Although Zuckerberg and other tech titans have called on Congress to pass new laws to regulate social media companies and online platforms, they also have mounted large-scale campaigns to slow new regulations.

“I just feel that, you know, delay and obfuscation is the legislative strategy of Facebook, especially since Facebook has spent millions of dollars on a marketing campaign calling on Congress to pass internet regulations,” Sen. Edward J. Markey, D-Mass., said at last week’s hearing.

Markey said he intends to reintroduce legislation from last Congress that would ban social media apps aimed at children from showing follower counts, autoplay features on videos and so-called “influencers” who target children.

Pressed to answer whether Facebook would support the legislation, Davis declined to say.
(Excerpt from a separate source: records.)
(* Let $G$ be a regular subsequential method of sequential convergence, and let $f:\mathbb{R}\to\mathbb{R}$ be Abel continuous. Then $f$ is $G$-continuous.
   Context: Let $s$ denote the space of all real sequences and $c$ the space of convergent real sequences. A method of sequential convergence is a linear function $G$ defined on a linear subspace $c_G$ of $s$ with values in $\mathbb{R}$; a sequence $\mathbf{p}$ is $G$-convergent to $\ell$ if $\mathbf{p}\in c_G$ and $G(\mathbf{p})=\ell$. $G$ is regular if every convergent sequence $\mathbf{p}$ belongs to $c_G$ and $G(\mathbf{p})=\lim\mathbf{p}$. $G$ is subsequential if whenever $G(\mathbf{p})=\ell$ there is a subsequence $(p_{n_k})$ of $\mathbf{p}$ with $\lim_k p_{n_k}=\ell$. $f$ is $G$-continuous if for every $G$-convergent sequence $\mathbf{p}=(p_n)$, the sequence $f(\mathbf{p})=(f(p_n))$ is $G$-convergent and $G(f(\mathbf{p}))=f(G(\mathbf{p}))$. A sequence $(p_n)$ is Abel convergent to $\ell$ if $\sum_{k=0}^{\infty}p_k x^k$ converges for every $0\le x<1$ and $\lim_{x\to1^-}(1-x)\sum_{k=0}^\infty p_kx^k=\ell$; $f$ is Abel continuous if $(f(p_n))$ is Abel convergent to $f(\ell)$ whenever $(p_n)$ is Abel convergent to $\ell$. *)

From Stdlib Require Import Reals.
From Coquelicot Require Import Coquelicot.
Open Scope R_scope.

(* A method of sequential convergence: a linear subspace cG of the space of
   real sequences (given as a predicate) and a linear functional G on it. *)
Definition is_method (cG : (nat -> R) -> Prop) (G : (nat -> R) -> R) : Prop :=
  cG (fun _ => 0) /\
  (forall p q, cG p -> cG q -> cG (fun n => p n + q n)) /\
  (forall (a : R) p, cG p -> cG (fun n => a * p n)) /\
  (forall p q, cG p -> cG q -> G (fun n => p n + q n) = G p + G q) /\
  (forall (a : R) p, cG p -> G (fun n => a * p n) = a * G p).

Definition G_convergent (cG : (nat -> R) -> Prop) (G : (nat -> R) -> R)
  (p : nat -> R) (l : R) : Prop := cG p /\ G p = l.

Definition regular (cG : (nat -> R) -> Prop) (G : (nat -> R) -> R) : Prop :=
  forall (p : nat -> R) (l : R), is_lim_seq p (Finite l) -> G_convergent cG G p l.

Definition subsequential (cG : (nat -> R) -> Prop) (G : (nat -> R) -> R) : Prop :=
  forall (p : nat -> R) (l : R), G_convergent cG G p l ->
    exists phi : nat -> nat, (forall k, (phi k < phi (S k))%nat) /\
      is_lim_seq (fun k => p (phi k)) (Finite l).

Definition G_continuous (cG : (nat -> R) -> Prop) (G : (nat -> R) -> R)
  (f : R -> R) : Prop :=
  forall p : nat -> R, cG p ->
    G_convergent cG G (fun n => f (p n)) (f (G p)).

Definition Abel_convergent (p : nat -> R) (l : R) : Prop :=
  (forall x : R, 0 <= x < 1 -> ex_series (fun k => p k * x ^ k)) /\
  filterlim (fun x => (1 - x) * Series (fun k => p k * x ^ k))
            (at_left 1) (locally l).

Definition Abel_continuous (f : R -> R) : Prop :=
  forall (p : nat -> R) (l : R), Abel_convergent p l ->
    Abel_convergent (fun n => f (p n)) (f l).

(* Abel continuity forces [f] to be affine.  Feeding [f] the Abel-convergent
   sequence [a + b (-1)^n] yields Jensen's equation, so [f] is affine up to an
   additive [h] with [h 1 = 0].  If [h x <> 0], additivity produces numbers
   [t_k] with [|t_k| <= 2^-k] but [h t_k = -4^k h x]; the sequence [t_k] is
   Abel convergent to [0], so [sum f(t_k) 4^-k] must converge, whereas its
   terms tend to [-h x].  An affine map is G-continuous for every regular
   linear method. *)

From Stdlib Require Import Reals Lra FunctionalExtensionality.
From Coquelicot Require Import Coquelicot.
Open Scope R_scope.

Lemma at_left_1_lim_of_bound (F : R -> R) (L K : R) :
  (forall x, 0 < x < 1 -> Rabs (F x - L) <= K * (1 - x)) ->
  filterlim F (at_left 1) (locally L).
Proof.
  intros HF.
  apply filterlim_locally; intro eps.
  pose proof (Rabs_pos K) as HK.
  assert (Hd : 0 < Rmin 1 (eps / (Rabs K + 1))).
  { apply Rmin_pos; [lra|]. apply Rdiv_lt_0_compat; [apply cond_pos | lra]. }
  exists (mkposreal _ Hd). intros y Hy Hylt.
  change (Rabs (y - 1) < Rmin 1 (eps / (Rabs K + 1))) in Hy.
  change (Rabs (F y - L) < eps).
  pose proof (Rmin_l 1 (eps / (Rabs K + 1))) as H1.
  pose proof (Rmin_r 1 (eps / (Rabs K + 1))) as H2.
  set (d := Rmin 1 (eps / (Rabs K + 1))) in *.
  rewrite Rabs_left in Hy by lra.
  pose proof (HF y ltac:(lra)) as Hb.
  assert (K * (1 - y) <= Rabs K * (1 - y)).
  { apply Rmult_le_compat_r; [lra | apply Rle_abs]. }
  assert (Rabs K * (1 - y) <= Rabs K * d) by (apply Rmult_le_compat_l; lra).
  assert ((Rabs K + 1) * d <= eps).
  { apply Rle_trans with ((Rabs K + 1) * (eps / (Rabs K + 1))).
    - apply Rmult_le_compat_l; lra.
    - right; field; lra. }
  nra.
Qed.

Lemma Abel_convergent_unique (p : nat -> R) (l1 l2 : R) :
  Abel_convergent p l1 -> Abel_convergent p l2 -> l1 = l2.
Proof.
  intros [_ H1] [_ H2].
  exact (filterlim_locally_unique (F := at_left 1) _ l1 l2 H1 H2).
Qed.

Lemma Abel_convergent_alternating (A B : R) :
  Abel_convergent (fun k => A + B * (-1) ^ k) A.
Proof.
  assert (HS : forall x, 0 <= x < 1 ->
    is_series (fun k => (A + B * (-1) ^ k) * x ^ k) (A / (1 - x) + B / (1 + x))).
  { intros x Hx.
    assert (H1 : is_series (fun k => x ^ k) (/ (1 - x))).
    { apply is_series_geom. rewrite Rabs_pos_eq; lra. }
    assert (H2 : is_series (fun k => (- x) ^ k) (/ (1 - - x))).
    { apply is_series_geom. rewrite Rabs_Ropp, Rabs_pos_eq; lra. }
    pose proof (is_series_plus _ _ _ _
                  (is_series_scal A _ _ H1) (is_series_scal B _ _ H2)) as H.
    replace (A / (1 - x) + B / (1 + x))
      with (plus (scal A (/ (1 - x))) (scal B (/ (1 - - x)))).
    2:{ change (A * / (1 - x) + B * / (1 - - x) = A / (1 - x) + B / (1 + x)).
        unfold Rdiv. replace (1 - - x) with (1 + x) by ring. reflexivity. }
    apply is_series_ext with (2 := H). intro n.
    change (A * x ^ n + B * (- x) ^ n = (A + B * (-1) ^ n) * x ^ n).
    replace (- x) with (-1 * x) by ring. rewrite Rpow_mult_distr. ring. }
  split.
  - intros x Hx. eexists. exact (HS x Hx).
  - apply at_left_1_lim_of_bound with (K := Rabs B).
    intros x Hx.
    rewrite (is_series_unique _ _ (HS x ltac:(lra))).
    replace ((1 - x) * (A / (1 - x) + B / (1 + x)) - A)
      with (B * ((1 - x) / (1 + x))) by (field; lra).
    rewrite Rabs_mult. apply Rmult_le_compat_l; [apply Rabs_pos|].
    rewrite Rabs_pos_eq by (apply Rdiv_le_0_compat; lra).
    apply Rmult_le_reg_r with (1 + x); [lra|].
    unfold Rdiv. rewrite Rmult_assoc, Rinv_l by lra. nra.
Qed.

Lemma Abel_convergent_geom_dominated (p : nat -> R) :
  (forall k, Rabs (p k) <= (/ 2) ^ k) -> Abel_convergent p 0.
Proof.
  intros Hp.
  assert (Hg : is_series (fun k => (/ 2) ^ k) 2).
  { assert (H : is_series (fun k => (/ 2) ^ k) (/ (1 - / 2))).
    { apply is_series_geom. rewrite Rabs_pos_eq; lra. }
    replace (/ (1 - / 2)) with 2 in H by field. exact H. }
  assert (Hb : forall x, 0 <= x < 1 -> forall k, Rabs (p k * x ^ k) <= (/ 2) ^ k).
  { intros x Hx k. rewrite Rabs_mult, <- RPow_abs.
    rewrite <- (Rmult_1_r ((/ 2) ^ k)).
    apply Rmult_le_compat; try apply Rabs_pos.
    - apply pow_le, Rabs_pos.
    - apply Hp.
    - rewrite <- (pow1 k). apply pow_incr. rewrite Rabs_pos_eq; lra. }
  assert (Habs : forall x, 0 <= x < 1 -> ex_series (fun k => Rabs (p k * x ^ k))).
  { intros x Hx.
    apply (@ex_series_le R_AbsRing R_CompleteNormedModule)
      with (b := fun k => (/ 2) ^ k); [|eexists; exact Hg].
    intro n. change (Rabs (Rabs (p n * x ^ n)) <= (/ 2) ^ n).
    rewrite Rabs_Rabsolu. exact (Hb x Hx n). }
  split.
  - intros x Hx. exact (ex_series_Rabs _ (Habs x Hx)).
  - apply at_left_1_lim_of_bound with (K := 2).
    intros x Hx. rewrite Rminus_0_r, Rabs_mult, Rabs_pos_eq by lra.
    rewrite Rmult_comm. apply Rmult_le_compat_r; [lra|].
    eapply Rle_trans; [apply Series_Rabs, Habs; lra|].
    rewrite <- (is_series_unique _ _ Hg).
    apply Series_le; [|eexists; exact Hg].
    intro n. split; [apply Rabs_pos | apply Hb; lra].
Qed.

Lemma pow_minus_one_cases (k : nat) : (-1) ^ k = 1 \/ (-1) ^ k = -1.
Proof.
  induction k as [|k IH]; simpl; [left; ring|].
  destruct IH as [H | H]; rewrite H; [right | left]; ring.
Qed.

Lemma Abel_continuous_Jensen (f : R -> R) :
  Abel_continuous f -> forall a b, f (a + b) + f (a - b) = 2 * f a.
Proof.
  intros Hf a b.
  pose proof (Hf _ _ (Abel_convergent_alternating a b)) as H.
  set (C := (f (a + b) + f (a - b)) / 2).
  set (D := (f (a + b) - f (a - b)) / 2).
  assert (E : (fun n => f (a + b * (-1) ^ n)) = (fun k => C + D * (-1) ^ k)).
  { apply functional_extensionality; intro k. unfold C, D.
    destruct (pow_minus_one_cases k) as [e | e]; rewrite e.
    - replace (a + b * 1) with (a + b) by ring. field.
    - replace (a + b * -1) with (a - b) by ring. field. }
  change (Abel_convergent (fun n => f (a + b * (-1) ^ n)) (f a)) in H.
  rewrite E in H.
  pose proof (Abel_convergent_unique _ _ _ H (Abel_convergent_alternating C D)).
  unfold C in *. lra.
Qed.

Lemma Jensen_affine_defect_additive (f : R -> R) :
  (forall a b, f (a + b) + f (a - b) = 2 * f a) ->
  let h := fun x => f x - f 0 - (f 1 - f 0) * x in
  forall u v, h (u + v) = h u + h v.
Proof.
  intros J h u v. unfold h.
  pose proof (J ((u + v) / 2) ((u - v) / 2)) as J1.
  pose proof (J ((u + v) / 2) ((u + v) / 2)) as J2.
  replace ((u + v) / 2 + (u - v) / 2) with u in J1 by field.
  replace ((u + v) / 2 - (u - v) / 2) with v in J1 by field.
  replace ((u + v) / 2 + (u + v) / 2) with (u + v) in J2 by field.
  replace ((u + v) / 2 - (u + v) / 2) with 0 in J2 by field.
  lra.
Qed.

(* [2^k * dyadic_witness x k] is an integer minus [8^k x], lying in [(0, 1]]. *)
Definition dyadic_witness (x : R) (k : nat) : R :=
  (IZR (up (8 ^ k * x)) - 8 ^ k * x) / 2 ^ k.

Lemma dyadic_witness_bound (x : R) (k : nat) :
  Rabs (dyadic_witness x k) <= (/ 2) ^ k.
Proof.
  unfold dyadic_witness. destruct (archimed (8 ^ k * x)) as [a1 a2].
  assert (P : 0 < 2 ^ k) by (apply pow_lt; lra).
  unfold Rdiv. rewrite Rabs_mult, Rabs_pos_eq by lra.
  rewrite Rabs_pos_eq by (apply Rlt_le, Rinv_0_lt_compat, P).
  rewrite pow_inv. rewrite <- (Rmult_1_l (/ 2 ^ k)) at 2.
  apply Rmult_le_compat_r; [left; apply Rinv_0_lt_compat, P | lra].
Qed.

Section Additive.

Variable h : R -> R.
Hypothesis h_add : forall u v, h (u + v) = h u + h v.

Lemma additive_0 : h 0 = 0.
Proof. pose proof (h_add 0 0) as E. rewrite Rplus_0_r in E. lra. Qed.

Lemma additive_opp (x : R) : h (- x) = - h x.
Proof.
  pose proof (h_add x (- x)) as E. rewrite Rplus_opp_r, additive_0 in E. lra.
Qed.

Lemma additive_INR_mult (n : nat) (x : R) : h (INR n * x) = INR n * h x.
Proof.
  induction n as [|n IH].
  - simpl. rewrite Rmult_0_l, additive_0. ring.
  - rewrite S_INR, Rmult_plus_distr_r, Rmult_1_l, h_add, IH. ring.
Qed.

Hypothesis h_1 : h 1 = 0.

Lemma additive_IZR (z : Z) : h (IZR z) = 0.
Proof.
  assert (Hpos : forall q, h (IZR (Z.pos q)) = 0).
  { intro q. change (IZR (Z.pos q)) with (IPR q). rewrite <- INR_IPR.
    rewrite <- (Rmult_1_r (INR _)), additive_INR_mult, h_1. ring. }
  destruct z as [|q|q].
  - exact additive_0.
  - apply Hpos.
  - rewrite IZR_NEG, additive_opp, Hpos. ring.
Qed.

Lemma additive_dyadic_witness (x : R) (k : nat) :
  h (dyadic_witness x k) = - 4 ^ k * h x.
Proof.
  assert (P : 0 < 2 ^ k) by (apply pow_lt; lra).
  assert (Hpow : forall (m : nat) y, h (INR m ^ k * y) = INR m ^ k * h y).
  { intros m y. rewrite <- pow_INR. apply additive_INR_mult. }
  assert (E2 : h (2 ^ k * dyadic_witness x k) = 2 ^ k * h (dyadic_witness x k)).
  { replace 2 with (INR 2) by (simpl; ring). apply Hpow. }
  assert (E8 : h (8 ^ k * x) = 8 ^ k * h x).
  { replace 8 with (INR 8) by (simpl; ring). apply Hpow. }
  replace (2 ^ k * dyadic_witness x k) with (IZR (up (8 ^ k * x)) + - (8 ^ k * x))
    in E2 by (unfold dyadic_witness; field; lra).
  rewrite h_add, additive_IZR, additive_opp, E8 in E2.
  replace (8 ^ k) with (2 ^ k * 4 ^ k) in E2
    by (rewrite <- Rpow_mult_distr; f_equal; ring).
  apply Rmult_eq_reg_l with (2 ^ k); lra.
Qed.

End Additive.

Lemma is_lim_seq_geom_dominated (t : nat -> R) :
  (forall k, Rabs (t k) <= (/ 2) ^ k) -> is_lim_seq t 0.
Proof.
  intros Ht.
  assert (Hg : is_lim_seq (fun k => (/ 2) ^ k) 0).
  { apply is_lim_seq_geom. rewrite Rabs_pos_eq; lra. }
  apply is_lim_seq_le_le with (u := fun k => - (/ 2) ^ k) (w := fun k => (/ 2) ^ k).
  - intro k. apply Rabs_le_between, Ht.
  - replace (Finite 0) with (Rbar_opp (Finite 0)) by (simpl; f_equal; ring).
    apply (proj1 (is_lim_seq_opp _ _)), Hg.
  - exact Hg.
Qed.

(* Only the convergence of [sum f(t_k) x^k] at [x = 1/4] is used. *)
Lemma Abel_continuous_geom_dominated_lim (f : R -> R) (t : nat -> R) :
  Abel_continuous f -> (forall k, Rabs (t k) <= (/ 2) ^ k) ->
  is_lim_seq (fun k => f (t k) * (/ 4) ^ k) 0.
Proof.
  intros Hf Ht.
  destruct (Hf _ _ (Abel_convergent_geom_dominated t Ht)) as [Hs _].
  apply ex_series_lim_0, Hs. lra.
Qed.

Lemma Abel_continuous_affine (f : R -> R) :
  Abel_continuous f -> forall x, f x = (f 1 - f 0) * x + f 0.
Proof.
  intros Hf x.
  set (h := fun y => f y - f 0 - (f 1 - f 0) * y).
  assert (h_add : forall u v, h (u + v) = h u + h v)
    by exact (Jensen_affine_defect_additive f (Abel_continuous_Jensen f Hf)).
  assert (h_1 : h 1 = 0) by (unfold h; ring).
  set (t := dyadic_witness x).
  assert (Ht : forall k, Rabs (t k) <= (/ 2) ^ k) by apply dyadic_witness_bound.
  assert (Hft : forall k, f (t k) * (/ 4) ^ k
                          = - h x + (f 0 + (f 1 - f 0) * t k) * (/ 4) ^ k).
  { intro k.
    replace (f (t k)) with (h (t k) + f 0 + (f 1 - f 0) * t k) by (unfold h; ring).
    unfold t. rewrite (additive_dyadic_witness h h_add h_1).
    replace (- 4 ^ k * h x) with (- h x * 4 ^ k) by ring.
    rewrite !Rmult_plus_distr_r, Rmult_assoc, <- Rpow_mult_distr.
    replace (4 * / 4) with 1 by field. rewrite pow1. ring. }
  assert (Hlim : is_lim_seq (fun k => f (t k) * (/ 4) ^ k) (- h x)).
  { apply is_lim_seq_ext with (1 := fun k => eq_sym (Hft k)).
    replace (Finite (- h x)) with (Rbar_plus (- h x) ((f 0 + (f 1 - f 0) * 0) * 0))
      by (simpl; f_equal; ring).
    apply is_lim_seq_plus'; [apply is_lim_seq_const|].
    apply is_lim_seq_mult'.
    - apply is_lim_seq_plus'; [apply is_lim_seq_const|].
      apply is_lim_seq_mult'; [apply is_lim_seq_const|].
      apply is_lim_seq_geom_dominated, Ht.
    - apply is_lim_seq_geom. rewrite Rabs_pos_eq; lra. }
  pose proof (is_lim_seq_unique _ _ Hlim) as U1.
  rewrite (is_lim_seq_unique _ _ (Abel_continuous_geom_dominated_lim f t Hf Ht)) in U1.
  injection U1 as U1. unfold h in U1. lra.
Qed.

Lemma G_continuous_affine (cG : (nat -> R) -> Prop) (G : (nat -> R) -> R)
    (f : R -> R) (a b : R) :
  is_method cG G -> regular cG G -> (forall x, f x = a * x + b) ->
  G_continuous cG G f.
Proof.
  intros [_ [Hplus [Hscal [Gplus Gscal]]]] HR Hf p Hp.
  destruct (HR (fun _ => b) b (is_lim_seq_const _)) as [Hc Gc].
  replace (fun n => f (p n)) with (fun n => (fun n => a * p n) n + (fun _ => b) n)
    by (apply functional_extensionality; intro n; symmetry; apply Hf).
  split.
  - apply Hplus; [apply Hscal, Hp | exact Hc].
  - rewrite Gplus, Gscal, Gc, Hf by (try apply Hscal; assumption). reflexivity.
Qed.

Theorem corollary5 (cG : (nat -> R) -> Prop) (G : (nat -> R) -> R) (f : R -> R) :
  is_method cG G -> regular cG G -> subsequential cG G ->
  Abel_continuous f -> G_continuous cG G f.
Proof.
  intros HM HR _ Hf.
  exact (G_continuous_affine cG G f (f 1 - f 0) (f 0) HM HR
           (Abel_continuous_affine f Hf)).
Qed.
Instead, she said the company would work with parents, lawmakers and regulators to write new rules.

‘Huge lobby’

Consumer safety advocates who have dealt with social media companies are skeptical that Congress will act decisively by passing new regulations.

“Big Tech has a huge lobby, and we have seen it firsthand,” said Donna Rice Hughes, president of Enough Is Enough, a nonprofit organization that promotes internet safety for children. Since the advent of the internet, Big Tech companies have argued that what makes the online world “beautiful is its open and free nature,” Hughes said in an interview.

Lawmakers must enact safety measures for kids online similar to protocols that exist in the physical world, Hughes said.

Even though online platforms say only children 13 and above are allowed to create accounts, companies don’t diligently enforce age verification systems, potentially allowing younger kids to access apps intended for older children, Hughes said.

The online gambling industry, for example, has embraced strict age verification systems that social media companies could use but opt not to, Hughes said.

Haugen, the whistleblower, also alleges that Facebook misled its investors, and her lawyers have filed complaints with the Securities and Exchange Commission asking the agency to investigate the company.

Blumenthal told The Washington Post that lawmakers would be probing Haugen’s allegations about misleading investors in addition to her claims about the company shelving internal research on dangers to children.